### Collection entries:
◆ ◆ ◆ ◆ ◆
(* [f2] is increasing in its second argument (up to [beta2]) and decreasing in the other two,
   so the extreme values of [H2] on [Lo <= Phi <= Up] sit at the mixed triples. *)
Lemma Hop2_mixed_lower r Lo Up Phi t :
  in_box M1 M2 M3 Lo -> in_box M1 M2 M3 Up -> in_box M1 M2 M3 Phi -> le3 Lo Phi -> le3 Phi Up ->
  Hop f2 beta2 r p2 (mk3 (p1 Up) (p2 Lo) (p3 Up)) t <= Hop f2 beta2 r p2 Phi t.
Proof.
  intros HL HU HF H1 H2. unfold Hop. simpl. set (s := t + r).
  assert (B1 := in_box_mix _ _ _ _ _ _ HU HL HU).
  assert (B2 := in_box_mix _ _ _ _ _ _ HF HL HU).
  assert (B3 := in_box_mix _ _ _ _ _ _ HF HL HF).
  destruct (HP _ _ _ _ _ _ (admissible_seg sigma _ _ _ _ s B1) (admissible_seg sigma _ _ _ _ s B2)
    (leX_seg _ _ _ _ (fun x => proj1 (H2 x))) (leX_seg _ _ _ _ (fun x => Rle_refl _))
    (leX_seg _ _ _ _ (fun x => Rle_refl _))) as [_ [_ [S1 _]]].
  destruct (HP _ _ _ _ _ _ (admissible_seg sigma _ _ _ _ s B2) (admissible_seg sigma _ _ _ _ s B3)
    (leX_seg _ _ _ _ (fun x => Rle_refl _)) (leX_seg _ _ _ _ (fun x => Rle_refl _))
    (leX_seg _ _ _ _ (fun x => proj2 (proj2 (H2 x))))) as [_ [_ [_ [S2 _]]]].
  destruct (HP _ _ _ _ _ _ (admissible_seg sigma _ _ _ _ s HF) (admissible_seg sigma _ _ _ _ s B3)
    (leX_seg _ _ _ _ (fun x => Rle_refl _)) (leX_seg _ _ _ _ (fun x => proj1 (proj2 (H1 x))))
    (leX_seg _ _ _ _ (fun x => Rle_refl _))) as [_ [S3 _]].
  simpl in *. rewrite !seg_0 in S3. lra.
Qed.
Lemma trunc_weight_frozen v y : v != X ->
  trunc_weight v y = (y v == conf0 v)%:R * trunc_weight_but v y.
Proof.
move=> vX; rewrite /trunc_weight (bigD1 v) //= leqnn; congr (_ * _).
by apply: eq_bigr => u /andP[_ uv]; rewrite leq_eqVlt eq_sym (inj_eq val_inj) (negbTE uv).
Qed.

Lemma trunc_weight_source y : trunc_weight X.+1 y = trunc_weight X y.
Proof.
apply: eq_bigr => u uX.
by rewrite [in RHS]leq_eqVlt (inj_eq val_inj) [X == u]eq_sym (negbTE uX).
Qed.

Lemma K_ignores v b (u : 'I_n) : v != X -> (v <= u)%N -> ignores (K v ^~ b) u.
Proof.
move=> vX vu y c /=; rewrite (@K_pa v vX (ffun_set y u c) y) // => t tv.
apply: ffun_set_other; apply: contraTneq (pa_lt tv) => <-.
by rewrite -leqNgt.
Qed.

Lemma trunc_weight_but_ignores v : ignores (trunc_weight_but v) v.
Proof.
move=> y b; apply: eq_bigr => u /andP[uX uv].
rewrite ffun_set_other 1?eq_sym //; case: ltnP => // uv'.
exact: K_ignores.
Qed.

Lemma sum_joint_truncate (x : A X) k m F : (m + k = n)%N ->
  depends_on F (fun u : 'I_n => (u < m)%N) ->
  \sum_y F y * joint K x y = \sum_y F y * (y X == x)%:R * trunc_weight m y.
Proof.
elim: k m F => [|k IH] m F mk Fm.
  rewrite addn0 in mk; subst m; apply: eq_bigr => y _.
  rewrite /joint mulrA; congr (_ * _); apply: eq_bigr => v _.
  by rewrite leqNgt ltn_ord.
have mn : (m < n)%N by rewrite -mk addnS ltnS leq_addr.
rewrite (IH m.+1); first last.
- by apply: depends_on_sub Fm => u /= /ltnW.
- by rewrite addSnnS.
pose v := Ordinal mn.
have [vX|vX] := eqVneq v X.
  by apply: eq_bigr => y _; rewrite -[m]/(val v) vX trunc_weight_source.
transitivity (\sum_y (F y * (y X == x)%:R * trunc_weight_but v y) * K v y (y v)).
  by apply: eq_bigr => y _; rewrite (trunc_weightS _ vX); ring.
rewrite (sum_kernel_coord (conf0 v)).
- by apply: eq_bigr => y _; rewrite (trunc_weight_frozen _ vX); ring.
- move=> y b /=; rewrite trunc_weight_but_ignores ffun_set_other //.
  by rewrite (depends_on_ignores Fm) //= ltnn.
- by move=> b; apply: K_ignores.
- exact: K_sum1.
Qed.
(* Let $G=(V,E)$ be a finite graph and $B \subset U \subset V$. Assume the random permutation on $(V,E)$ has cycle length bounded by a random variable $\xi$ with $\mathbb E(\xi) < 2$. Let $C>0$ and $\kappa>0$ be constants such that the total offspring $W$ of a Galton–Watson process with initial population $1$ and offspring distribution $\xi-1$ satisfies $\mathbb P(W > n) \leq C e^{-2\kappa n}$ for all $n$. Then for any $\mathcal F_B$-measurable function $f$, $$|\mathbb E_V(f) - \mathbb E_U(f)| \leq 2 C \|f\|_{\infty} \sum_{x \in V \setminus U} e^{-\kappa d(x, B)},$$ where $d$ is the graph distance on $G$.
   Context: For $U\subset V$, $\mathcal S_U$ is the set of bijections $\pi:U\to U$ with $\pi(x)=x$ or $\{x,\pi(x)\}\in E$; $\mathbb P_U(\pi)=e^{-\alpha\sum_{x\in U}\mathbb 1\{\pi(x)\neq x\}}/Z(U)$, $\mathbb E_U$ its expectation, where a function on $\mathcal S_V$ is evaluated at $\pi\oplus\mathrm{id}$ (extension by the identity outside $U$). $\mathcal F_B$ is the $\sigma$-algebra on $\mathcal S_V$ generated by the values $\pi(x),\pi^{-1}(x)$, $x\in B$. Cycle length bounded by $\xi$ on $(V,E)$: for all $\ell\ge1$, $\sup_{U\subset V\text{ finite}}\sup_{x\in U}\mathbb P_U(|\gamma_x|\ge\ell)\le\mathbb P(\xi\ge\ell)$, $|\gamma_x|$ the number of vertices of the cycle of $\pi$ containing $x$. *)

From HB Require Import structures.
From mathcomp Require Import all_boot all_order all_algebra all_fingroup.
From mathcomp Require Import boolp classical_sets reals ereal sequences exp.
(* P_{2m}(s,t) = sum_{i=0}^m a_{2m,2i} s^{2i} t^{2(m-i)}  (sum_f_R0 g m = g 0 + ... + g m) *)
Definition P_even (m : nat) (s t : R) : R :=
  sum_f_R0 (fun i => a_even m i * s ^ (2 * i) * t ^ (2 * (m - i))) m.

Definition P_odd (m : nat) (s t : R) : R :=
  sum_f_R0 (fun i => a_odd m i * s ^ (2 * i + 1) * t ^ (2 * (m - i))) m.

From Stdlib Require Import Arith Reals Factorial Lia Lra.
From Coquelicot Require Import Coquelicot.
Open Scope R_scope.

(* Write r = sqrt (s^2 + t^2).  The quotient rule gives
   d/ds (Q / r^q) = ((s^2 + t^2) dQ/ds - q s Q) / r^(q+2), so the n-th derivative of 1/r is
   P_n / r^(2n+1) with P_0 = 1 and P_(n+1) = (s^2 + t^2) dP_n/ds - (2n+1) s P_n.  Writing
   P_n = sum_k c(n,k) s^(n-2k) t^(2k), this is the coefficient recurrence
   c(n+1,k) = -(n+2k+1) c(n,k) + (n-2k+2) c(n,k-1), which is satisfied by
   c(n,k) = (-1)^n n! (-1/4)^k C(n,k) C(n-k,k); the polynomials of the statement are these,
   reindexed by i = m - k.
   Dividing c(n,k) by C(n,k) leaves (-1)^n n! (-1/4)^k C(n-k,k), and dividing it by C(n-1,k)
   leaves (-1)^n n! (-1/4)^k (2 C(n-k,k) - C(n-1-k,k)).  So the four sums reduce to
   S_n = sum_k (-1/4)^k C(n-k,k), which satisfies S_(n+2) = S_(n+1) - S_n / 4; the double
   characteristic root 1/2 gives S_n = (n+1) / 2^n. *)

(* Unlike [Binomial.C], which has junk values for [k > n], this vanishes there. *)
Fixpoint binom (n k : nat) : R :=
  match n, k with
  | _, O => 1
  | O, S _ => 0
  | S n', S k' => binom n' k' + binom n' (S k')
  end.

Lemma binom_n0 n : binom n 0 = 1.
Proof. now destruct n. Qed.

Lemma binom_gt n k : (n < k)%nat -> binom n k = 0.
Proof.
  revert k; induction n as [|n IH]; intros [|k] Hk; cbn; try lia; [reflexivity|].
  rewrite !IH by lia; ring.
Qed.

Lemma binom_C n k : (k <= n)%nat -> binom n k = Binomial.C n k.
Proof.
  revert k; induction n as [|n IH]; intros [|k] Hk.
  - now rewrite C_n_0.
  - lia.
  - now rewrite binom_n0, C_n_0.
  - cbn [binom]. destruct (Nat.eq_dec k n) as [->|Hkn].
    + rewrite (binom_gt n (S n)), IH, !C_n_n by lia; ring.
    + rewrite !IH by lia. apply pascal; lia.
Qed.

Lemma C_neq_0 n k : Binomial.C n k <> 0.
Proof.
  unfold Binomial.C, Rdiv.
  apply Rmult_integral_contrapositive_currified; [apply INR_fact_neq_0|].
  apply Rinv_neq_0_compat, Rmult_integral_contrapositive_currified; apply INR_fact_neq_0.
Qed.

Lemma binom_pascal_diag n j : binom (S n - j) (S j) = binom (n - j) j + binom (n - j) (S j).
Proof.
  destruct (Nat.le_gt_cases j n) as [Hj|Hj].
  - now replace (S n - j)%nat with (S (n - j)) by lia.
  - replace (S n - j)%nat with 0%nat by lia; replace (n - j)%nat with 0%nat by lia.
    rewrite !binom_gt by lia; ring.
Qed.

Lemma binom_ratio n k : (1 <= n)%nat -> (2 * k <= n)%nat ->
  binom n k * binom (n - k) k / Binomial.C (n - 1) k = 2 * binom (n - k) k - binom (n - 1 - k) k.
Proof.
  intros Hn Hk. destruct (Nat.eq_dec n (2 * k)) as [->|Hne].
  - destruct k as [|k]; [lia|].
    replace (2 * S k - S k)%nat with (S k) by lia.
    rewrite (binom_gt (2 * S k - 1 - S k)), !binom_C, C_n_n by lia.
    unfold Binomial.C. replace (2 * S k - S k)%nat with (S k) by lia.
    replace (2 * S k - 1 - S k)%nat with k by lia.
    replace (2 * S k - 1)%nat with (S (2 * k)) by lia. replace (2 * S k)%nat with (S (S (2 * k))) by lia.
    rewrite !fact_simpl. repeat rewrite ?mult_INR, ?plus_INR, ?S_INR, ?INR_0.
    pose proof (INR_fact_neq_0 k); pose proof (INR_fact_neq_0 (2 * k)); pose proof (pos_INR k).
    field. repeat split; auto; lra.
  - destruct (Nat.le_exists_sub (2 * k + 1) n) as [j [-> _]]; [lia|].
    rewrite !binom_C by lia. unfold Binomial.C.
    replace (j + (2 * k + 1) - k)%nat with (S (j + k)) by lia.
    replace (j + (2 * k + 1) - 1 - k)%nat with (j + k)%nat by lia.
    replace (S (j + k) - k)%nat with (S j) by lia. replace (j + k - k)%nat with j by lia.
    replace (j + (2 * k + 1) - 1)%nat with (j + 2 * k)%nat by lia.
    replace (j + 2 * k - k)%nat with (j + k)%nat by lia.
    replace (j + (2 * k + 1))%nat with (S (j + 2 * k)) by lia.
    rewrite !fact_simpl. repeat rewrite ?mult_INR, ?plus_INR, ?S_INR, ?INR_0.
    pose proof (INR_fact_neq_0 k); pose proof (INR_fact_neq_0 j); pose proof (INR_fact_neq_0 (j + k));
    pose proof (INR_fact_neq_0 (j + 2 * k)); pose proof (pos_INR k); pose proof (pos_INR j).
    field. repeat split; auto; lra.
Qed.

Lemma sum_f_R0_vanishing_tail (f : nat -> R) (N M : nat) :
  (N <= M)%nat -> (forall k, (N < k <= M)%nat -> f k = 0) ->
  sum_f_R0 f M = sum_f_R0 f N.
Proof.
  intros HNM Hf; induction HNM as [|M HNM IH]; [reflexivity|].
  rewrite tech5, (Hf (S M)) by lia.
  rewrite IH by (intros k Hk; apply Hf; lia). ring.
Qed.

Definition diag_sum (N n : nat) : R := sum_f_R0 (fun k => (- / 4) ^ k * binom (n - k) k) N.

Lemma diag_sum_succ_range N n : (n <= 2 * N + 1)%nat -> diag_sum (S N) n = diag_sum N n.
Proof. intros Hn. unfold diag_sum. rewrite tech5, (binom_gt (n - S N)) by lia. ring. Qed.

Lemma diag_sum_rec N n :
  diag_sum (S N) (S (S n)) = diag_sum (S N) (S n) + (- / 4) * diag_sum N n.
Proof.
  unfold diag_sum. rewrite !(decomp_sum _ (S N)), scal_sum by lia. cbn [pred].
  rewrite !Nat.sub_0_r, !binom_n0.
  rewrite (sum_eq _ (fun j => (- / 4) ^ S j * binom (S n - S j) (S j)
                              + (- / 4) ^ j * binom (n - j) j * (- / 4))).
  - rewrite plus_sum. ring.
  - intros j _. rewrite !Nat.sub_succ, binom_pascal_diag. cbn [pow]. ring.
Qed.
◆ ◆ ◆ ◆ ◆
### Exercise description:
Every line of the records containing the word "leqNgt" must appear in the answer.

### Output for this task:
by rewrite -leqNgt.
  by rewrite leqNgt ltn_ord.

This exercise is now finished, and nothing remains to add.